Introduction
In this post, we will learn and understand why should we scale a KNN model. Prima-facie it looks like euclidean distance should not get impacted even with unscaled data i.e.
$$distance = \sqrt(X_2^2 - X_1^2) + (Y_2^2 - Y_1^2)$$
We can observe, the same feature is used in squared difference. So if Y1 is at a bigger scale so is Y2. Hence, this distance metric will remain consistent
Depicting the scaled data
The above plot is depicting two classes based on two features that are properly scaled. One of the points is highlighted in a red dotted circle. If we observe, this point very comfortably looks like a "Blue" class as almost all the neighbours are Blue.
But now try to imagine unscaled data where one of the features is large. What it means is that space will be very elongated for that axis and squizzed for the other axis.
It will mean that the distance in the smaller axis has no relevance as compared to the larger axis. The distance along the larger axis will define the total distance.

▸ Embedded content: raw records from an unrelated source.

(* Let $H=(S,A,\delta,\mathcal{O})$ be a POMDP with initial state $\ell_0$, $\mathcal{G}$ the game with probabilistic uncertainty constructed from it, and $\alpha_H$ an observation-based Player-1 strategy in $H$. Define the Player-1 strategy $\alpha_G$ in $\mathcal{G}$ by $\alpha_G(\rho_G)=\alpha_H(h^{-1}(\rho_G))$. Then for all finite prefixes $\rho_H$ of $H$, $\Pr^{\alpha_H}_{\ell_0}(\mathsf{Cone}(\rho_H))=\Pr^{\alpha_G}_{\ell_0}(\mathsf{Cone}(h(\rho_H)))$, where the left side is the measure in $H$ and the right side the measure in $\mathcal{G}$.
   Context: A POMDP is $H=(S,A,\delta,\mathcal{O})$ with $S$ a finite state set, $A$ a finite action set, $\delta:S\times A\to\mathcal{D}(S)$ ($\mathcal{D}$ = probability distributions), and $\mathcal{O}$ a partition of $S$; $\mathsf{obs}(s)$ is the block containing $s$, and $\mathsf{obs}(s_0a_0s_1\ldots s_n)=\mathsf{obs}(s_0)a_0\ldots\mathsf{obs}(s_n)$. An observation-based Player-1 strategy maps prefixes $s_0a_0\ldots s_n$ to $\mathcal{D}(A)$ and agrees on prefixes with equal observation sequences. The measure in $H$ from $\ell_0$: $\Pr(\mathsf{Cone}(\ell_0))=1$ and $\Pr(\mathsf{Cone}(\rho as'))=\Pr(\mathsf{Cone}(\rho))\alpha(\rho)(a)\delta(s,a)(s')$ where $s$ is the last state of $\rho$ ($\mathsf{Cone}(\rho)$ = plays with prefix $\rho$). The game $\mathcal{G}=(L,\Sigma_I,\Sigma_O,\Delta,\mathsf{un})$ constructed from $H$ has $L=S$, $\Sigma_I=A$, $\Sigma_O=\{\bot\}$, $\Delta(\ell,a,\bot)=\delta(\ell,a)$, and $\mathsf{un}(\ell)(\ell')=1/|\mathsf{obs}(\ell)|$ if $\mathsf{obs}(\ell')=\mathsf{obs}(\ell)$, else $0$. The map $h$ sends $s_0a_0s_1a_1\ldots s_n$ to $s_0a_0\bot s_1a_1\bot\ldots s_n$ (a bijection). For sequences $\rho=\ell_0\sigma^i_0\sigma^o_0\ldots\ell_n$, $\rho'=\ell'_0\tilde\sigma^i_0\tilde\sigma^o_0\ldots\ell'_m$ of $\mathcal{G}$, $\mathsf{ObsSeq}(\rho)(\rho')=\prod_{j=0}^n\mathsf{un}(\ell_j)(\ell'_j)$ if $m=n$ and all letters coincide, else $0$; $\mathsf{ActMt}(\rho)$ is the set of sequences with the same length and letters as $\rho$. Since Player 2 has only one strategy (always $\bot$), the measure in $\mathcal{G}$ from $\ell_0$ is: $\Pr^{\alpha}_{\ell_0}(\mathsf{Cone}(\ell_0))=1$ and, for $\rho$ with last location $\ell_n$, $\Pr(\mathsf{Cone}(\rho a\bot\ell_{n+1}))=\Pr(\mathsf{Cone}(\rho))\sum_{\rho'\in\mathsf{ActMt}(\rho)}\mathsf{ObsSeq}(\rho)(\rho')\alpha(\rho')(a)\Delta(\ell_n,a,\bot)(\ell_{n+1})$. *)

From mathcomp Require Import all_boot all_order all_algebra.
Set Implicit Arguments. Unset Strict Implicit. Unset Printing Implicit Defensive.
Import Order.TTheory GRing.Theory Num.Theory.
Local Open Scope ring_scope.

Section POMDP.
Variables (R : realFieldType) (S A O : finType).

Definition is_dist (T : finType) (f : {ffun T -> R}) : Prop :=
  (forall x, 0 <= f x) /\ \sum_(x : T) f x = 1.

(* The POMDP H = (S, A, delta, Obs): the partition Obs of S is given by the
   fibres of obs : S -> O (obs s stands for the block containing s). *)

(* Finite prefixes of H: s0 a0 s1 ... an-1 sn  as  (s0, [(a0,s1);...]). *)
Definition Hpre := (S * seq (A * S))%type.
(* Finite prefixes of G: l0 a0 bot l1 ... as (l0, [(a0,bot,l1);...]);
   Sigma_O = {bot} is rendered as unit (bot = tt). *)
Definition Gpre := (S * seq (A * unit * S))%type.

Definition obsH (obs : S -> O) (rho : Hpre) : O * seq (A * O) :=
  (obs rho.1, [seq (p.1, obs p.2) | p <- rho.2]).

Definition stratH := Hpre -> {ffun A -> R}.
Definition stratG := Gpre -> {ffun A -> R}.

Definition is_stratH (alpha : stratH) : Prop := forall rho, is_dist (alpha rho).

Definition observation_based (obs : S -> O) (alpha : stratH) : Prop :=
  forall rho rho', obsH obs rho = obsH obs rho' -> alpha rho = alpha rho'.

Definition h (rho : Hpre) : Gpre := (rho.1, [seq (p.1, tt, p.2) | p <- rho.2]).
Definition hinv (rho : Gpre) : Hpre := (rho.1, [seq (p.1.1, p.2) | p <- rho.2]).

Definition alphaG_of (alphaH : stratH) : stratG := fun rhoG => alphaH (hinv rhoG).

Definition lastH (rho : Hpre) : S := last rho.1 [seq p.2 | p <- rho.2].
Definition lastG (rho : Gpre) : S := last rho.1 [seq p.2 | p <- rho.2].

Fixpoint PrH_rev (delta : S -> A -> {ffun S -> R}) (alpha : stratH) (l0 s0 : S)
    (rrs : seq (A * S)) : R :=
  match rrs with
  | [::] => (s0 == l0)%:R
  | (a, s') :: t =>
      let rho := (s0, rev t) in
      PrH_rev delta alpha l0 s0 t * alpha rho a * delta (lastH rho) a s'
  end.

Definition PrH delta alpha l0 (rho : Hpre) : R := PrH_rev delta alpha l0 rho.1 (rev rho.2).

Definition Delta (delta : S -> A -> {ffun S -> R}) (l : S) (a : A) (o : unit)
  : {ffun S -> R} := delta l a.

Definition un (obs : S -> O) (l l' : S) : R :=
  if obs l' == obs l then (#|[set s | obs s == obs l]|%:R)^-1 else 0.

Definition locs (rho : Gpre) : seq S := rho.1 :: [seq p.2 | p <- rho.2].
Definition letters (rho : Gpre) : seq (A * unit) := [seq p.1 | p <- rho.2].

Definition ObsSeq (obs : S -> O) (rho rho' : Gpre) : R :=
  if (size rho.2 == size rho'.2) && (letters rho == letters rho') then
    \prod_(j < (size rho.2).+1) un obs (nth rho.1 (locs rho) j) (nth rho'.1 (locs rho') j)
  else 0.

(* Elements of ActMt(rho): same letters, locations given by a tuple. *)
Definition relabel (rho : Gpre) (t : (size rho.2).+1.-tuple S) : Gpre :=
  (thead t, zip (letters rho) (behead t)).

(* Cone measure in G (Player 2 has only the strategy "always bot"). *)
Fixpoint PrG_rev (obs : S -> O) (delta : S -> A -> {ffun S -> R}) (alpha : stratG)
    (l0 s0 : S) (rrs : seq (A * unit * S)) : R :=
  match rrs with
  | [::] => (s0 == l0)%:R
  | (a, o, l') :: t =>
      let rho : Gpre := (s0, rev t) in
      PrG_rev obs delta alpha l0 s0 t *
      \sum_(t' : (size rho.2).+1.-tuple S)
         (ObsSeq obs rho (relabel t') * alpha (relabel t') a *
          Delta delta (lastG rho) a o l')
  end.

Definition PrG obs delta alpha l0 (rho : Gpre) : R :=
  PrG_rev obs delta alpha l0 rho.1 (rev rho.2).

End POMDP.

From mathcomp Require Import all_boot all_order all_algebra.
Import Order.TTheory GRing.Theory Num.Theory.
Set Implicit Arguments. Unset Strict Implicit. Unset Printing Implicit Defensive.
Local Open Scope ring_scope.

(* Player 1 in G plays, after a prefix rho, the average of alpha_H over all
   relabellings of rho, weighted by ObsSeq.  Each weight is a product of the
   uniform distributions on the observation blocks of the locations of rho, so
   the weights sum to 1, and a relabelling has nonzero weight only if it is
   observationally indistinguishable from rho; since alpha_H is
   observation-based, the average is just alpha_H at rho.  Hence both cone
   measures satisfy the same recursion, and induction on the prefix concludes. *)

Lemma sum_tuple_prod (R : nzSemiRingType) (T : finType) (k : nat)
    (F : 'I_k -> T -> R) :
  \sum_(t : k.-tuple T) \prod_(j < k) F j (tnth t j) =
  \prod_(j < k) \sum_(x : T) F j x.
Proof.
rewrite bigA_distr_bigA /=.
rewrite (reindex (fun f : {ffun 'I_k -> T} => [tuple f i | i < k])) /=.
  by apply: eq_bigr => f _; apply: eq_bigr => j _; rewrite tnth_mktuple.
exists (fun t : k.-tuple T => [ffun i => tnth t i]) => f _.
  by apply/ffunP => i; rewrite ffunE tnth_mktuple.
by apply: eq_from_tnth => i; rewrite tnth_mktuple ffunE.
Qed.

Section Uniform.
Variables (R : realFieldType) (S O : finType) (obs : S -> O).

Lemma sum_un (l : S) : \sum_(l' : S) un R obs l l' = 1.
Proof.
rewrite /un -big_mkcond /= sumr_const.
rewrite [X in _ *+ X](_ : _ = #|[set s | obs s == obs l]|); last by rewrite cardsE.
rewrite -(mulr_natr (_^-1)) mulVf // pnatr_eq0 -lt0n card_gt0.
by apply/set0Pn; exists l; rewrite inE.
Qed.

Lemma un_neq0_obs (l l' : S) : un R obs l l' != 0 -> obs l' = obs l.
Proof. by rewrite /un; case: (obs l' =P obs l) => // _; rewrite eqxx. Qed.

End Uniform.

Section Relabel.
Variables (S A O : finType).
Variables (rho : Gpre S A) (t : (size rho.2).+1.-tuple S).

Lemma size_behead_relabel : size (behead t) = size (letters rho).
Proof. by rewrite size_behead size_tuple size_map. Qed.

Lemma locs_relabel : locs (relabel t) = t.
Proof.
rewrite /locs /= [map _ _]unzip2_zip ?size_behead_relabel //.
by case: t => [[|x l] ?].
Qed.

Lemma letters_relabel : letters (relabel t) = letters rho.
Proof. by rewrite /letters /= [map _ _]unzip1_zip ?size_behead_relabel. Qed.

Lemma size_relabel : size (relabel t).2 = size rho.2.
Proof. by rewrite -!(size_map fst) -/(letters _) letters_relabel. Qed.

Lemma ObsSeq_relabel (R : realFieldType) (obs : S -> O) :
  ObsSeq R obs rho (relabel t) =
  \prod_(j < (size rho.2).+1) un R obs (nth rho.1 (locs rho) j) (tnth t j).
Proof.
rewrite /ObsSeq size_relabel letters_relabel !eqxx /=.
by apply: eq_bigr => j _; rewrite locs_relabel (tnth_nth (relabel t).1).
Qed.

End Relabel.

Lemma obsH_hinv (S A O : finType) (obs : S -> O) (rho : Gpre S A) :
  obsH obs (hinv rho) =
  (head (obs rho.1) (map obs (locs rho)),
   zip [seq p.1 | p <- letters rho] (behead (map obs (locs rho)))).
Proof.
rewrite /obsH /hinv /locs /letters /=; congr pair.
by elim: rho.2 => [|[[a u] s] l IH] //=; rewrite IH.
Qed.

Lemma hK (S A : finType) : cancel (@h S A) (@hinv S A).
Proof.
by case=> s0 l; rewrite /h /hinv /= -map_comp map_id_in //; case.
Qed.

Lemma lastG_h (S A : finType) (rho : Hpre S A) : lastG (h rho) = lastH rho.
Proof. by rewrite /lastG /lastH /h /= -map_comp. Qed.

Section ObservationBased.
Variables (R : realFieldType) (S A O : finType) (obs : S -> O).
Variable alphaH : stratH R S A.
Hypothesis alphaH_obs : observation_based obs alphaH.

Lemma alphaH_relabel (rho : Gpre S A) (t : (size rho.2).+1.-tuple S) :
  ObsSeq R obs rho (relabel t) != 0 ->
  alphaH (hinv (relabel t)) = alphaH (hinv rho).
Proof.
rewrite ObsSeq_relabel => /prodf_neq0 un_neq0.
apply: alphaH_obs; rewrite !obsH_hinv letters_relabel locs_relabel.
suff -> : map obs t = map obs (locs rho) by [].
have size_locs : size (locs rho) = (size rho.2).+1 by rewrite /= size_map.
apply: (@eq_from_nth _ (obs rho.1)) => [|i]; first by rewrite !size_map size_tuple.
rewrite size_map size_tuple => lt_i.
rewrite !(nth_map rho.1) ?size_tuple ?size_locs //.
by have /un_neq0_obs := un_neq0 (Ordinal lt_i) isT; rewrite (tnth_nth rho.1).
Qed.

Lemma average_alphaG (rho : Gpre S A) (a : A) :
  \sum_(t : (size rho.2).+1.-tuple S)
     ObsSeq R obs rho (relabel t) * alphaG_of alphaH (relabel t) a =
  alphaH (hinv rho) a.
Proof.
have weights_sum1 :
    \sum_(t : (size rho.2).+1.-tuple S) ObsSeq R obs rho (relabel t) = 1.
  rewrite (eq_bigr _ (fun t _ => ObsSeq_relabel t R obs)).
  rewrite (sum_tuple_prod (fun j => un R obs (nth rho.1 (locs rho) j))).
  by rewrite big1 // => j _; apply: sum_un.
rewrite -[RHS]mul1r -weights_sum1 big_distrl /=; apply: eq_bigr => t _.
by have [->|/alphaH_relabel <-] := eqVneq (ObsSeq R obs rho (relabel t)) 0;
  rewrite ?mul0r.
Qed.

Lemma PrH_rev_PrG_rev (delta : S -> A -> {ffun S -> R}) (l0 s0 : S)
    (r : seq (A * S)) :
  PrH_rev delta alphaH l0 s0 r =
  PrG_rev obs delta (alphaG_of alphaH) l0 s0 [seq (p.1, tt, p.2) | p <- r].
Proof.
elim: r => [|[a s'] r IH] //=.
(* [/=] has unfolded the [rev] hidden in the prefix into [catrev _ [::]]. *)
rewrite IH -!mulrA -big_distrl (average_alphaG (s0, _)) -/(rev _) -map_rev.
by rewrite -[(s0, map _ _)]/(h (s0, rev r)) hK /Delta lastG_h.
Qed.

End ObservationBased.

Theorem lemma5 (R : realFieldType) (S A O : finType)
  (delta : S -> A -> {ffun S -> R}) (obs : S -> O) (l0 : S)
  (alphaH : stratH R S A) :
  (forall s a, is_dist (delta s a)) ->
  is_stratH alphaH ->
  observation_based obs alphaH ->
  forall rhoH : Hpre S A,
    PrH delta alphaH l0 rhoH = PrG obs delta (alphaG_of alphaH) l0 (h rhoH).
Proof.
(* Neither the kernel nor the strategy needs to be a distribution. *)
move=> _ _ alphaH_obs [s0 l].
by rewrite /PrH /PrG /= -map_rev (PrH_rev_PrG_rev alphaH_obs).
Qed.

What it means for this plot is that the highlighted point has many "Orange" neighbours now since we can ignore vertical distance. These new neighbours are all the "orange points" below the highlighted point in the unscaled data. In the previous view(unscaled view) these were looking further, hence were not a Neighbour.
Let's see,
We have intentionally flattened the plot along one axis to develop better intuition. Now we can observe that the highlighted point is fairly near to the Orange" class.
Let's squeeze again,
Now, we can easily see that the highlighted point belongs to the "Orange class".
Another simple exercise
- Let's fit a KNN model on a scaled dataset and predict the class for the same data.
- Then predict the same model on the unscaled data.
- Note the point which changes their stance between the two predictions.
In the below plot, we highlighted the data which changed its Class with a bigger size. Hue is as per the prediction of the scaled model.
Let's see the same plot in squeezed axis and hue on prediction on unscaled data.
It is pretty evident from the above plot which data point changes its Class and why it did so. These are the points which have many data points of other class farther away on the vertical axis but very near on the horizontal axis.
With scaled data, Vertical distance lost its relevance and the Class swapped.
Code
Below is the code snippet for all the trials we did in this post.
# Create the data
import numpy as np, seaborn as sns, matplotlib.pyplot as plt
sns.set_style("darkgrid")
sns.set_context(font_scale=1.0, rc={"lines.linewidth": 2.0})
from sklearn.datasets import make_classification
x, y = make_classification(n_samples=500, n_features=2, n_classes=2,
n_informative=2, n_redundant=0)
# Simple plotting the points
fig = plt.figure(figsize=(10,6))
sns.scatterplot(x = x[:,0], y = x[:,1], hue=y)
# Flattened the axis and Unscaled the data
fig = plt.figure(figsize=(20,1))
sns.scatterplot(x = x[:,0]*100, y = x[:,1], hue = y)
# Further Flattened the axis and Unscaled the data
fig = plt.figure(figsize=(20,0.5))
sns.scatterplot(x = x[:,0]*100, y = x[:,1], hue = y)
# Created the Model and fit the data
from sklearn.neighbors import KNeighborsClassifier
model = KNeighborsClassifier(n_neighbors=3)
y_pred = model.fit(x, y).predict(x)
x[:,0] = x[:,0]*200
y_pred_unscaled = model.fit(x, y).predict(x)
diff = y_pred!=y_pred_unscaled
# Plot for scaled prediction and highlighting the diff data points
fig = plt.figure(figsize=(10,6))
sns.scatterplot(x = x[:,0]/200, y = x[:,1], hue=y_pred, size=(diff+1)*100)
# Plot for unscaled/Elongated axis, prediction and highlighting the diff data points
fig = plt.figure(figsize=(20,3))
fig.gca().set_ylim(-10,10)
sns.scatterplot(x = x[:,0], y = x[:,1], hue=y_pred_unscaled, size=(diff+1)*100)
Code-explanation
All other parts of the code is quite trivial and self-explanatory.
Conclusion and Summary
So, what is meant is that if we use unscaled data, the distance along the Feature having a smaller value will lose its relevance. The issue will impact the boundary points and it will become more severe if the two Features differ on a large scale.
So, it's better to scale even though it is not needed because it will not create any problem if done unnecessarily.
Similar logic can be applied to Clustering using KMeans as that algorithm is also based on the same approach.